Let’s talk about myths.
Not the ones you’re used to hearing – “it takes seven years to digest gum” or “lighting never strikes the same place twice” (both of which aren’t true btw) – but rather, myths pertaining to the call center.
Here are 4 call center myths you should think twice about:
Myth #1: Call center agents don’t care about customer service.
It’s easy to see why this is a common misconception. After all, agents are on the front lines of customer service – naturally, they’re usually to blame when callers aren’t satisfied.
Agents really are an extension of the corporate culture towards customer service – they’re as effective as the companies they serve. According to Deloitte Consulting, 62% of companies view the customer experience provided through the contact center as a competitive differentiator, and are looking to improve the service they deliver.
This is good news for consumers: Companies that make customer service a real priority will hire, train and empower agents who are a reflection of that commitment.
Myth #2: Call centers are really just “cost centers”.
Many companies look at customer service as a “cost center” – a function that adds expense without adding revenue. But the successful ones know the importance of maximizing every opportunity to interact with customers.
An example: Zappos, legendary for its customer service, strives to answer 80% of its calls within 20 seconds. According to CEO Tony Hsieh,
… we’ve found that on average, our customers telephone us at least once at some point, and if we handle the call well, we have an opportunity to create an emotional impact and a lasting memory … Our philosophy has been that most of the money we might ordinarily have spent on advertising should be invested in customer service, so that our customers will do the marketing for us through word of mouth.
Only the call center can turn a frustrated customer into a loyal one.
Myth #3: No one uses the phone anymore.
The emergence of channels like social media and mobile, have had a major impact on how companies deliver customer service. But that doesn’t take away from the importance of the voice channel. Rather, it means just the opposite: telephone conversations with a live agent matter more than ever.
While consumers have individual channel preferences, their need to have a telephone-based conversation with an agent rises dramatically with the complexity of the inquiry, according to American Express.

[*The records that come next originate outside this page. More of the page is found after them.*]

(* Let $\mathbf{S}$ be any one of the four systems $\mathbf{G3N}$, $\mathbf{G3NeF}$, $\mathbf{G3CoPC}$, $\mathbf{G3MPC}$. The cut rule ''from $\Gamma\Rightarrow\alpha$ and $\Delta,\alpha\Rightarrow\varphi$ infer $\Gamma,\Delta\Rightarrow\varphi$'' is admissible in $\mathbf{S}$: for all finite multisets $\Gamma,\Delta$ and formulas $\alpha,\varphi$, if $\Gamma\Rightarrow\alpha$ and $\Delta,\alpha\Rightarrow\varphi$ are derivable in $\mathbf{S}$, then $\Gamma,\Delta\Rightarrow\varphi$ is derivable in $\mathbf{S}$.
   Context: Formulas are generated from a countable set of propositional variables $p,q,\dots$ and the constant $\top$ by the grammar $\varphi::= p\mid\top\mid\varphi\wedge\varphi\mid\varphi\vee\varphi\mid\varphi\to\varphi\mid\neg\varphi$ (there is no constant $\bot$). $\varphi\leftrightarrow\psi$ abbreviates $(\varphi\to\psi)\wedge(\psi\to\varphi)$. A sequent is an expression $\Gamma\Rightarrow\varphi$ where $\Gamma$ is a finite multiset of formulas and $\varphi$ is a formula (the goal); $\Gamma,\Delta$ denotes multiset union and $\Gamma,\alpha$ denotes $\Gamma$ with one more occurrence of $\alpha$. Rules ($p$ a propositional variable): (ax) $\Gamma,p\Rightarrow p$ (no premises); ($\top$) $\Gamma\Rightarrow\top$ (no premises); ($\to$r) from $\Gamma,\alpha\Rightarrow\beta$ infer $\Gamma\Rightarrow\alpha\to\beta$; ($\to$l) from $\Gamma,\alpha\to\beta\Rightarrow\alpha$ and $\Gamma,\beta\Rightarrow\varphi$ infer $\Gamma,\alpha\to\beta\Rightarrow\varphi$; ($\wedge$r) from $\Gamma\Rightarrow\alpha$ and $\Gamma\Rightarrow\beta$ infer $\Gamma\Rightarrow\alpha\wedge\beta$; ($\wedge$l) from $\Gamma,\alpha,\beta\Rightarrow\varphi$ infer $\Gamma,\alpha\wedge\beta\Rightarrow\varphi$; ($\vee$r$_1$), ($\vee$r$_2$) from $\Gamma\Rightarrow\alpha$ (resp. $\Gamma\Rightarrow\beta$) infer $\Gamma\Rightarrow\alpha\vee\beta$; ($\vee$l) from $\Gamma,\alpha\Rightarrow\varphi$ and $\Gamma,\beta\Rightarrow\varphi$ infer $\Gamma,\alpha\vee\beta\Rightarrow\varphi$; (n) from $\Gamma,\neg\alpha,\beta\Rightarrow\alpha$ and $\Gamma,\neg\alpha,\alpha\Rightarrow\beta$ infer $\Gamma,\neg\alpha\Rightarrow\neg\beta$; (nef) from $\Gamma,\neg\alpha\Rightarrow\alpha$ infer $\Gamma,\neg\alpha\Rightarrow\neg\beta$; (copc) from $\Gamma,\neg\alpha,\beta\Rightarrow\alpha$ infer $\Gamma,\neg\alpha\Rightarrow\neg\beta$; (an) from $\Gamma,\alpha\Rightarrow\neg\alpha$ infer $\Gamma\Rightarrow\neg\alpha$. The rules (ax) through ($\vee$l) are the positive rules. The four systems are: $\mathbf{G3N}$ = positive rules + (n); $\mathbf{G3NeF}$ = positive rules + (n) + (nef); $\mathbf{G3CoPC}$ = positive rules + (copc); $\mathbf{G3MPC}$ = positive rules + (copc) + (an). None of them contains weakening, contraction or cut as a rule. A derivation is a finite tree of rule instances with leaves instances of (ax) or ($\top$); its height is the number of inference steps on a longest branch. A sequent is derivable if it has a derivation; a formula $\varphi$ is a theorem if $\Rightarrow\varphi$ (empty antecedent) is derivable. *)

(* Multisets of formulas are represented by lists considered
   up to permutation: derivability is closed under Permutation of the
   antecedent (a structural "rule" that is invisible at the multiset level). *)
From Stdlib Require Import List Permutation.
Import ListNotations.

Take a simple inquiry, like “what’s my balance?” – only 16% said an agent conversation was their desired channel. As the inquiry gets more complex, like “I want to return a product”, the percentage of people that preferred the phone channel doubled – to 38%. Finally for a difficult inquiry, like “I have a charge to dispute”, the phone channel is dominant with 46% preferring a phone call (in contrast to 9% who preferred online channels).
When it matters most, customers still prefer a phone call.
Myth #4: Callers don’t really mind being on hold.
While it’s true that consumers are used to being put on hold, it is consistently ranked as one of the top complaints when phoning a call center. Study after study has shown the impact of this kind of poor experience on the buying habits of consumers – just look at onholdwith.com to see how bad it can be.
One easy way to improve the call-center experience is to replace hold-time with a call-back, using a solution like Fonolo. This gives callers the option to “press 1 to get a call-back from the next agent”, rather than wait on hold.
What’s clear is that, given the opportunity, customers will choose companies that provide better phone-based customer service.